## What is expected
Extract from the entries below, exactly as given, only the lines from the line containing "Lemma one_sub_inv_range (R" to the line containing "rewrite !ffunE -!(inj_eq", both lines included.
======== Data for this exercise ========
Lemma DLB_set_block n (x : {ffun 'I_n -> bool}) (k0 k1 : 'I_n) a b :
  val k1 = (val k0).+1 -> ~~ odd k0 ->
  DLB (set_bit (set_bit x k0 a) k1 b) =
  if all id (take k0 (bits x)) then block_dlb k0 (dlb_aux 0 (drop k0.+2 (bits x))) a b
  else dlb_aux 0 (take k0 (bits x)).
Proof.
move=> k1E k0_even.
have size_take : size (take k0 (bits x)) = k0 by rewrite size_takel // size_bits ltnW.
have half_k0 : (2 * k0./2)%N = k0 by rewrite mul2n halfK (negbTE k0_even) subn0.
rewrite /DLB -/(bits _) !bits_set_bit k1E.
rewrite set_nth_pair; last by rewrite size_bits -k1E ltn_ord.
by rewrite dlb_aux_cat size_take // dlb_aux_block add0n half_k0.
Qed.

Definition winner_bit (R : realFieldType) (d d' : nat) (u v : bool) : R :=
  if (d' < d)%N then u%:R else if (d < d')%N then v%:R else (u%:R + v%:R) / 2.

(* Some (1,1) block occurs, or a (1,0) block meets (1,0) or (0,1). *)
Definition duel_poly (R : realFieldType) (p q : R) : R :=
  2 * p * q - (p * q) ^+ 2 + p * (1 - q) * (p * (1 - q) + q * (1 - p)).

Lemma winner_bit_gt (R : realFieldType) d d' u v :
  (d' < d)%N -> winner_bit R d d' u v = u%:R.
Proof. by rewrite /winner_bit => ->. Qed.

Lemma winner_bit_lt (R : realFieldType) d d' u v :
  (d < d')%N -> winner_bit R d d' u v = v%:R.
Proof. by rewrite /winner_bit => lt_dd'; rewrite lt_dd' ltnNge ltnW. Qed.

Lemma leq_block_dlb A t a b : (A <= block_dlb A t a b)%N.
Proof. by rewrite /block_dlb; case: ifP => _; [|case: ifP => _]; lia. Qed.

Lemma duel_poly_ge (R : realFieldType) (t p q : R) : 2^-1 <= t <= 1 ->
  (p = 2^-1 \/ p = t) -> (q = 2^-1 \/ q = t) -> p <= duel_poly p q.
Proof.
move=> /andP[t_ge t_le] p_freq q_freq.
(* duel_poly p q - p is 1/16, t(1-t)/4, (3t-t^2-1)/4 or t(1-t)(3t-t^2-1). *)
have t_var : 0 <= t * (1 - t) by apply: mulr_ge0; lra.
have t_quad : 0 <= 3 * t - t ^+ 2 - 1.
  by have := mulr_ge0 (_ : 0 <= t - 2^-1) (_ : 0 <= 1 - t); rewrite expr2; lra.
have := mulr_ge0 t_var t_quad; rewrite /duel_poly.
by case: p_freq => ->; case: q_freq => ->; rewrite !expr2 => ?; nra.
Qed.

Section BlockDuel.
Variables (R : realFieldType) (p q : R) (sel : bool).
Let pick (T : Type) (u v : T) := if sel then u else v.

Lemma eq_block_expect (F G : bool -> bool -> bool -> bool -> R) :
  (forall a b c e, F a b c e = G a b c e) -> block_expect p q F = block_expect p q G.
Proof.
move=> eqFG; apply: eq_bigr => a _; congr (_ * _); apply: eq_bigr => b _; congr (_ * _).
by apply: eq_bigr => c _; congr (_ * _); apply: eq_bigr => e _; rewrite eqFG.
Qed.

Lemma block_expect_fst : block_expect p q (fun a b _ _ => (pick a b)%:R) = pick p q.
Proof. by rewrite /block_expect !big_bool /pick /bit_weight; case: sel => /=; field. Qed.

Lemma block_expect_snd : block_expect p q (fun _ _ c e => (pick c e)%:R) = pick p q.
Proof. by rewrite /block_expect !big_bool /pick /bit_weight; case: sel => /=; field. Qed.

Lemma block_expect_winner_const dx dy :
  block_expect p q (fun a b c e => winner_bit R dx dy (pick a b) (pick c e)) = pick p q.
Proof.
rewrite /block_expect /winner_bit !big_bool /pick /bit_weight.
by case: (dy < dx)%N; case: (dx < dy)%N; case: sel => /=; field.
Qed.

Lemma block_expect_winner_dlb0 :
  block_expect p q (fun a b c e =>
    winner_bit R (block_dlb 0 0 a b) (block_dlb 0 0 c e) (pick a b) (pick c e)) =
  pick (duel_poly p q) (duel_poly q p).
Proof.
rewrite /block_expect !big_bool /pick /bit_weight /duel_poly /winner_bit /block_dlb.
by case: sel => /=; field.
Qed.

Lemma winner_bit_block_dlb A tx ty a b c e :
  winner_bit R (block_dlb A tx a b) (block_dlb A ty c e) (pick a b) (pick c e) =
  winner_bit R (block_dlb 0 0 a b) (block_dlb 0 0 c e) (pick a b) (pick c e).
Proof.
(* Two (1,1) blocks are compared through their suffixes, but then both
   candidate bits are 1 anyway. *)
have one_one : (1 + 1) / 2 = 1 :> R by field.
rewrite /winner_bit /block_dlb /pick.
by case: a b c e sel => [] [] [] [] [] /=; rewrite ?one_one; do ![case: ifP => //]; lia.
Qed.

Lemma block_duel_ge (t : R) A (Px Py : bool) dx dy tx ty :
  2^-1 <= t <= 1 -> (p = 2^-1 \/ p = t) -> (q = 2^-1 \/ q = t) ->
  (~~ Px -> dx < A)%N -> (~~ Py -> dy < A)%N ->
  pick p q <= block_expect p q (fun a b c e =>
    winner_bit R (if Px then block_dlb A tx a b else dx)
                 (if Py then block_dlb A ty c e else dy) (pick a b) (pick c e)).
Proof.
move=> t_range p_freq q_freq.
case: Px Py => [] [] dx_lt dy_lt.
- under eq_block_expect => a b c e do rewrite winner_bit_block_dlb.
  by rewrite block_expect_winner_dlb0 /pick; case: sel; apply: duel_poly_ge t_range _ _.
- under eq_block_expect => a b c e do
    rewrite winner_bit_gt ?(leq_trans (dy_lt isT) (leq_block_dlb _ _ _ _)) //.
  by rewrite block_expect_fst.
- under eq_block_expect => a b c e do
    rewrite winner_bit_lt ?(leq_trans (dx_lt isT) (leq_block_dlb _ _ _ _)) //.
  by rewrite block_expect_snd.
- by rewrite block_expect_winner_const.
Qed.

End BlockDuel.

Lemma winner_bit_probE (R : realFieldType) n (i : 'I_n) x y :
  winner_bit_prob R i x y = winner_bit R (DLB x) (DLB y) (x i) (y i).
Proof. by []. Qed.

Lemma one_sub_inv_range (R : realFieldType) n : (2 <= n)%N ->
  (2^-1 : R) <= 1 - (n%:R : R)^-1 <= 1.
Proof.
move=> n_ge2; have inv_ge0 : 0 <= n%:R^-1 :> R by rewrite invr_ge0.
have : n%:R^-1 <= 2^-1 :> R by rewrite lef_pV2 ?posrE ?ltr0n ?ler_nat //; lia.
by move=> inv_le; apply/andP; split; lra.
Qed.

Section FrequencyBound.
Variables (R : realFieldType) (n : nat) (tau : 'I_n -> R) (t : R).
Hypothesis t_range : 2^-1 <= t <= 1.
Hypothesis tau_freq : forall j, tau j = 2^-1 \/ tau j = t.
Hypothesis n_even : ~~ odd n.
Variable i : 'I_n.

Lemma block_end_lt : ((i./2).*2.+1 < n)%N.
Proof.
have := ltn_ord i; have := odd_double_half i; have := odd_double_half n.
by rewrite (negbTE n_even); lia.
Qed.

Let i0 : 'I_n := Ordinal (ltnW block_end_lt).
Let i1 : 'I_n := Ordinal block_end_lt.

Lemma set_block_at x a b : set_bit (set_bit x i0 a) i1 b i = if ~~ odd i then a else b.
Proof.
rewrite !ffunE -!(inj_eq val_inj) /=; have := odd_double_half i.
by case: (odd i) => /= iE; do 2?[case: eqP => ? //]; lia.
Qed.

Lemma tau_at_block : tau i = if ~~ odd i then tau i0 else tau i1.
Proof.
by have := odd_double_half i; case: (odd i) => /= iE; congr tau; apply: val_inj.
Qed.

Lemma freq_le_prob_append_one : tau i <= prob_append_one tau i.
Proof.
have tau01 j : 0 <= tau j <= 1.
  by have /andP[? ?] := t_range; case: (tau_freq j) => ->; apply/andP; split; lra.
have prefix_lt (x : {ffun 'I_n -> bool}) :
    ~~ all id (take i0 (bits x)) -> (dlb_aux 0 (take i0 (bits x)) < i0)%N.
  by move=> /(dlb_aux_lt 0); rewrite size_takel // size_bits ltnW.
have i1E : val i1 = (val i0).+1 by [].
have i0_even : ~~ odd i0 by rewrite /= odd_double.
rewrite /prob_append_one (expect2_resample_block tau i0 i1) tau_at_block.
apply: (expect_ge tau01) => x; apply: (expect_ge tau01) => y.
under eq_block_expect => a b c e do
  rewrite winner_bit_probE !DLB_set_block // !set_block_at.
exact: block_duel_ge t_range (tau_freq i0) (tau_freq i1) (prefix_lt x) (prefix_lt y).
Qed.

End FrequencyBound.

Unset Implicit Arguments.

Theorem corollary22 (R : realFieldType) (n : nat) (tau : 'I_n -> R) :
  (0 < n)%N -> ~~ odd n ->
  (forall j : 'I_n, tau j = 2^-1 \/ tau j = 1 - (n%:R)^-1) ->
  forall i : 'I_n, tau i <= prob_append_one tau i.
Proof.
move=> n_gt0 n_even tau_freq i.
have n_ge2 : (2 <= n)%N by move: n_gt0 n_even; case: n {tau tau_freq i} => [|[]].
exact: freq_le_prob_append_one (one_sub_inv_range R n_ge2) tau_freq n_even i.
Qed.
========
## Answer section
Lemma one_sub_inv_range (R : realFieldType) n : (2 <= n)%N ->
  (2^-1 : R) <= 1 - (n%:R : R)^-1 <= 1.
Proof.
move=> n_ge2; have inv_ge0 : 0 <= n%:R^-1 :> R by rewrite invr_ge0.
have : n%:R^-1 <= 2^-1 :> R by rewrite lef_pV2 ?posrE ?ltr0n ?ler_nat //; lia.
by move=> inv_le; apply/andP; split; lra.
Qed.

Section FrequencyBound.
Variables (R : realFieldType) (n : nat) (tau : 'I_n -> R) (t : R).
Hypothesis t_range : 2^-1 <= t <= 1.
Hypothesis tau_freq : forall j, tau j = 2^-1 \/ tau j = t.
Hypothesis n_even : ~~ odd n.
Variable i : 'I_n.

Lemma block_end_lt : ((i./2).*2.+1 < n)%N.
Proof.
have := ltn_ord i; have := odd_double_half i; have := odd_double_half n.
by rewrite (negbTE n_even); lia.
Qed.

Let i0 : 'I_n := Ordinal (ltnW block_end_lt).
Let i1 : 'I_n := Ordinal block_end_lt.

Lemma set_block_at x a b : set_bit (set_bit x i0 a) i1 b i = if ~~ odd i then a else b.
Proof.
rewrite !ffunE -!(inj_eq val_inj) /=; have := odd_double_half i.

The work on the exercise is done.